> WHAT TO WORK ON
Search each line of the data for the word "NonUnitalRing"; copy every line where it is found.

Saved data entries
(* Let $R=\bigoplus_{s\in S}R_s$ be an $S$-graded ring inducing $S$, where $S$ is cancellative. Then $R$ is graded von Neumann regular if and only if for every $x\in H_R$ there exists $y\in H_R$ such that $x=xyx$.
   Context: Rings are associative, not necessarily unital. Let $S$ be a partial groupoid (set with partial binary operation) and $R$ a ring with additive subgroups $R_s$ ($s\in S$) such that $R=\bigoplus_{s\in S}R_s$, $R_sR_t\subseteq R_{st}$ whenever $st$ is defined, and $R_sR_t\neq 0$ implies $st$ is defined; $R$ is then called an $S$-graded ring inducing $S$. Convention: $S$ contains an element $0$ with $R_0=0$, $S\setminus\{0\}=\{s: R_s\neq 0\}$, and $S$ is made a groupoid by setting $st=0$ when $st$ is undefined and $s0=0s=0$. $H_R=\bigcup_{s\in S}R_s$ is the set of homogeneous elements. $S$ is cancellative if for $s,t,u\in S$ each of $0\neq su=tu$ and $0\neq us=ut$ implies $s=t$. $R$ is graded von Neumann regular if $x\in xRx$ for every $x\in H_R$. *)

(* Rings are associative, not necessarily unital: the additive
   group is a zmodType and the multiplication is an explicit associative,
   biadditive operation (no unit required). *)
From mathcomp Require Import all_boot all_algebra.
Set Implicit Arguments. Unset Strict Implicit. Unset Printing Implicit Defensive.
Import GRing.Theory.
Local Open Scope ring_scope.

Definition nu_ring (R : zmodType) (mul : R -> R -> R) : Prop :=
  associative mul /\ left_distributive mul +%R /\ right_distributive mul +%R.

Definition add_subgroup (R : zmodType) (A : R -> Prop) : Prop :=
  A 0 /\ forall x y, A x -> A y -> A (x - y).

(* S-graded ring inducing S, with the paper's convention: S carries a total
   binary operation [op] and a distinguished element [z] (the "0" of S) with
   s z = z s = z, R_z = 0, R_s <> 0 for s <> z, and R_s R_t ⊆ R_(st)
   (for st undefined in the original partial groupoid, st = z).
   R = ⊕_s R_s is an internal direct sum: every element is a finite sum of
   homogeneous elements, and homogeneous components of pairwise distinct
   degrees summing to 0 are all 0. *)
Definition graded_ring_inducing (R : zmodType) (mul : R -> R -> R)
  (S : Type) (op : S -> S -> S) (z : S) (Rs : S -> R -> Prop) : Prop :=
  nu_ring mul /\
  (forall s, add_subgroup (Rs s)) /\
      (forall x, exists n (d : 'I_n -> S) (r : 'I_n -> R),
          (forall i, Rs (d i) (r i)) /\ x = \sum_(i < n) r i) /\
      (forall n (d : 'I_n -> S) (r : 'I_n -> R),
          injective d -> (forall i, Rs (d i) (r i)) ->
          \sum_(i < n) r i = 0 -> forall i, r i = 0) /\
      (forall s t a b, Rs s a -> Rs t b -> Rs (op s t) (mul a b)) /\
      (forall s, op s z = z /\ op z s = z) /\
      (forall x, Rs z x -> x = 0) /\
      (forall s, s <> z -> exists x, Rs s x /\ x <> 0).

Definition homogeneous (R : zmodType) (S : Type) (Rs : S -> R -> Prop) (x : R) : Prop :=
  exists s, Rs s x.

Definition cancellative (S : Type) (op : S -> S -> S) (z : S) : Prop :=
  forall s t u, (op s u <> z -> op s u = op t u -> s = t) /\
                (op u s <> z -> op u s = op u t -> s = t).

Definition graded_vN_regular (R : zmodType) (mul : R -> R -> R)
  (S : Type) (Rs : S -> R -> Prop) : Prop :=
  forall x, homogeneous Rs x -> exists r, x = mul (mul x r) x.

From mathcomp Require Import all_boot all_algebra boolp.
Set Implicit Arguments. Unset Strict Implicit. Unset Printing Implicit Defensive.
Import GRing.Theory.
Local Open Scope ring_scope.

(** Write [x = x r x] with [x] of degree [s] and split [r] into homogeneous
    components [r_i] of degree [d_i].  Then [x = sum_i x r_i x] with
    [x r_i x] of degree [s d_i s], so comparing components of degree [s] gives
    [x = x y x] with [y] the sum of the [r_i] for which [s d_i s = s].  By
    cancellativity all these [d_i] coincide (when [s] is not the zero of [S]),
    so [y] is homogeneous. *)

Lemma big_option (R : Type) (idx : R) (op : Monoid.com_law idx) (I : finType)
    (F : option I -> R) :
  \big[op/idx]_(o : option I) F o = op (F None) (\big[op/idx]_(i : I) F (Some i)).
Proof.
rewrite (bigD1 None) //= (reindex_omap Some id) => [|[]//].
by congr (op _ _); apply: eq_bigl => i; rewrite /= eqxx.
Qed.

Section AdditiveSubgroup.
Variables (R : zmodType) (A : R -> Prop).
Hypothesis subA : add_subgroup A.

Lemma add_subgroup0 : A 0.
Proof. exact: subA.1. Qed.

Lemma add_subgroupN x : A x -> A (- x).
Proof. by move=> Ax; rewrite -sub0r; apply: subA.2 => //; apply: add_subgroup0. Qed.

Lemma add_subgroupD x y : A x -> A y -> A (x + y).
Proof. by move=> Ax Ay; rewrite -[y]opprK; apply: subA.2 => //; apply: add_subgroupN. Qed.

Lemma add_subgroup_sum (I : Type) (r : seq I) (P : pred I) (F : I -> R) :
  (forall i, P i -> A (F i)) -> A (\sum_(i <- r | P i) F i).
Proof.
by move=> AF; apply: big_ind => //; [apply: add_subgroup0 | apply: add_subgroupD].
Qed.

End AdditiveSubgroup.

Section NonUnitalRing.
Variables (R : zmodType) (mul : R -> R -> R).
Hypothesis ring : nu_ring mul.

Lemma nu_mul0r x : mul 0 x = 0.
Proof. by apply: (addrI (mul 0 x)); rewrite -ring.2.1 !addr0. Qed.

Lemma nu_mulr0 x : mul x 0 = 0.
Proof. by apply: (addrI (mul x 0)); rewrite -ring.2.2 !addr0. Qed.

Lemma nu_mulr_suml (I : Type) (r : seq I) (P : pred I) (F : I -> R) a :
  mul (\sum_(i <- r | P i) F i) a = \sum_(i <- r | P i) mul (F i) a.
Proof. exact: (big_morph (mul^~ a) (fun u v => ring.2.1 u v a) (nu_mul0r a)). Qed.

Lemma nu_mulr_sumr (I : Type) (r : seq I) (P : pred I) (F : I -> R) a :
  mul a (\sum_(i <- r | P i) F i) = \sum_(i <- r | P i) mul a (F i).
Proof. exact: (big_morph (mul a) (ring.2.2 a) (nu_mulr0 a)). Qed.

End NonUnitalRing.

Section Fibers.
Variables (S : Type) (I : finType) (e : I -> S).

Definition fiber_rep i := odflt i [pick j | `[< e j = e i >]].

Lemma fiber_rep_deg i : e (fiber_rep i) = e i.
Proof. by rewrite /fiber_rep; case: pickP => [j /asboolP|]. Qed.

Lemma fiber_rep_eq i j : e i = e j -> fiber_rep i = fiber_rep j.
Proof.
move=> eij; rewrite /fiber_rep eij; case: pickP => // P0.
by have := P0 j; rewrite asboolT.
Qed.

Lemma fiber_repK i : fiber_rep (fiber_rep i) = fiber_rep i.
Proof. exact/fiber_rep_eq/fiber_rep_deg. Qed.

End Fibers.

Section DirectSum.
Variables (R : zmodType) (S : Type) (Rs : S -> R -> Prop).
Hypothesis Rs_subgroup : forall s, add_subgroup (Rs s).
Hypothesis Rs_independent : forall n (d : 'I_n -> S) (r : 'I_n -> R),
  injective d -> (forall i, Rs (d i) (r i)) ->
  \sum_(i < n) r i = 0 -> forall i, r i = 0.

Lemma sum_distinct_degrees_eq0 (I : finType) (P : pred I) (d : I -> S) (r : I -> R) :
  {in P &, injective d} -> (forall i, P i -> Rs (d i) (r i)) ->
  \sum_(i | P i) r i = 0 -> forall i, P i -> r i = 0.
Proof.
move=> d_inj r_hom; rewrite (big_enum_val (A := P)) => r_sum i Pi.
rewrite -(enum_rankK_in Pi Pi).
apply: (@Rs_independent _ (d \o enum_val) (r \o enum_val) _ _ r_sum) => [k l|k] /=.
  by move/d_inj => /(_ (enum_valP k) (enum_valP l)); apply: enum_val_inj.
exact/r_hom/enum_valP.
Qed.

Lemma sum_degree_eq0 (I : finType) (e : I -> S) (a : I -> R) (P : pred I) u :
  (forall i, reflect (e i = u) (P i)) -> (forall i, Rs (e i) (a i)) ->
  \sum_i a i = 0 -> \sum_(i | P i) a i = 0.
Proof.
move=> eP a_hom a_sum; pose rep := fiber_rep e.
(* Grouping the terms by degree, indexed by the fiber representatives,
   gives a zero sum of terms of pairwise distinct degrees. *)
pose b j := \sum_(i | rep i == j) a i.
have b0 j : rep j == j -> b j = 0.
  apply: (@sum_distinct_degrees_eq0 _ (fun j => rep j == j) e) => //.
  - by move=> k l /eqP kk /eqP ll /fiber_rep_eq; rewrite -/rep kk ll.
  - by move=> k _; apply: add_subgroup_sum => // i /eqP <-; rewrite fiber_rep_deg.
  - rewrite -[RHS]a_sum [RHS](partition_big rep (fun j => rep j == j)) //.
    by move=> i _; rewrite /rep fiber_repK.
case: (pickP P) => [i0 Pi0|P0]; last by rewrite big_pred0.
rewrite (eq_bigl (fun i => rep i == rep i0)) => [|i].
  by apply: b0; rewrite /rep fiber_repK.
apply/eP/eqP => [ei|rep_i]; first by apply: fiber_rep_eq; rewrite ei; apply/esym/eP.
by rewrite -fiber_rep_deg -/rep rep_i fiber_rep_deg; apply/eP.
Qed.

Lemma homogeneous_sum_component (I : finType) (e : I -> S) (b : I -> R)
    (P : pred I) s x :
  (forall i, reflect (e i = s) (P i)) -> Rs s x ->
  (forall i, Rs (e i) (b i)) -> x = \sum_i b i -> x = \sum_(i | P i) b i.
Proof.
move=> eP xs b_hom x_sum.
pose e' o := if o is Some i then e i else s.
pose a o := if o is Some i then - b i else x.
pose P' o := if o is Some i then P i else true.
suff: \sum_(o | P' o) a o = 0.
  by rewrite big_mkcond big_option /= -big_mkcond sumrN => /subr0_eq.
apply: (@sum_degree_eq0 _ e' a P' s).
- by case=> [i|]; [apply: eP | constructor].
- by case=> [i|] //=; apply: add_subgroupN (b_hom i).
- by rewrite big_option /= sumrN -x_sum subrr.
Qed.

End DirectSum.

Lemma cancellative_sandwich (S : Type) (op : S -> S -> S) (z : S) s t t' :
  cancellative op z -> (forall u, op z u = z) -> s <> z ->
  op (op s t) s = s -> op (op s t') s = s -> t = t'.
Proof.
move=> canc zu snz sts st's.
have st_nz : op s t <> z by move=> stz; apply: snz; rewrite -sts stz zu.
apply: (canc _ _ s).2 => //; apply: (canc _ _ s).1; first by rewrite sts.
by rewrite sts st's.
Qed.

Section GradedRing.
Variables (R : zmodType) (mul : R -> R -> R) (S : Type) (op : S -> S -> S) (z : S)
  (Rs : S -> R -> Prop).
Hypothesis ring : nu_ring mul.
Hypothesis Rs_subgroup : forall s, add_subgroup (Rs s).
Hypothesis Rs_decomposition : forall x, exists n (d : 'I_n -> S) (r : 'I_n -> R),
  (forall i, Rs (d i) (r i)) /\ x = \sum_(i < n) r i.
Hypothesis Rs_independent : forall n (d : 'I_n -> S) (r : 'I_n -> R),
  injective d -> (forall i, Rs (d i) (r i)) ->
  \sum_(i < n) r i = 0 -> forall i, r i = 0.
Hypothesis Rs_mul : forall s t a b, Rs s a -> Rs t b -> Rs (op s t) (mul a b).
Hypothesis zero_opl : forall s, op z s = z.
Hypothesis Rs_z : forall x, Rs z x -> x = 0.
Hypothesis op_cancellative : cancellative op z.

Lemma homogeneous_inner_inverse x r :
  homogeneous Rs x -> x = mul (mul x r) x ->
  exists y, homogeneous Rs y /\ x = mul (mul x y) x.
Proof.
move=> [s xs] xrx; have [sz|snz] := pselect (s = z).
  exists 0; split; first by exists z; apply: add_subgroup0.
  by rewrite sz in xs; rewrite (Rs_z xs) !nu_mul0r.
have [n [d [ri [ri_hom r_sum]]]] := Rs_decomposition r.
pose P i := `[< op (op s (d i)) s = s >].
exists (\sum_(i | P i) ri i); split.
  case: (pickP P) => [i0 Pi0|P0]; last first.
    by exists s; rewrite big_pred0 //; apply: add_subgroup0.
  exists (d i0); apply: add_subgroup_sum => // i Pi.
  rewrite (cancellative_sandwich op_cancellative zero_opl snz
    (asboolW Pi0) (asboolW Pi)).
  exact: ri_hom.
rewrite (nu_mulr_sumr ring) (nu_mulr_suml ring).
apply: (@homogeneous_sum_component _ _ _ Rs_subgroup Rs_independent _
  (fun i => op (op s (d i)) s) _ _ s) => [i|//|i|]; first exact: asboolP.
  by apply: Rs_mul => //; apply: Rs_mul.
by rewrite {1}xrx r_sum (nu_mulr_sumr ring) (nu_mulr_suml ring).
Qed.

End GradedRing.

Theorem proposition4p2 (R : zmodType) (mul : R -> R -> R)
  (S : Type) (op : S -> S -> S) (z : S) (Rs : S -> R -> Prop) :
  graded_ring_inducing mul op z Rs -> cancellative op z ->
  (graded_vN_regular mul Rs <->
   forall x, homogeneous Rs x ->
     exists y, homogeneous Rs y /\ x = mul (mul x y) x).
Proof.
move=> [ring [sub [dec [indep [homul [zs [z0 _]]]]]]] canc.
split=> [regular x hx | regular_in_H x hx].
  have [r xrx] := regular x hx.
  exact: (homogeneous_inner_inverse ring sub dec indep homul
           (fun s => (zs s).2) z0 canc hx xrx).
by have [y [_ xyx]] := regular_in_H x hx; exists y.
Qed.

> ANSWER
Section NonUnitalRing.
End NonUnitalRing.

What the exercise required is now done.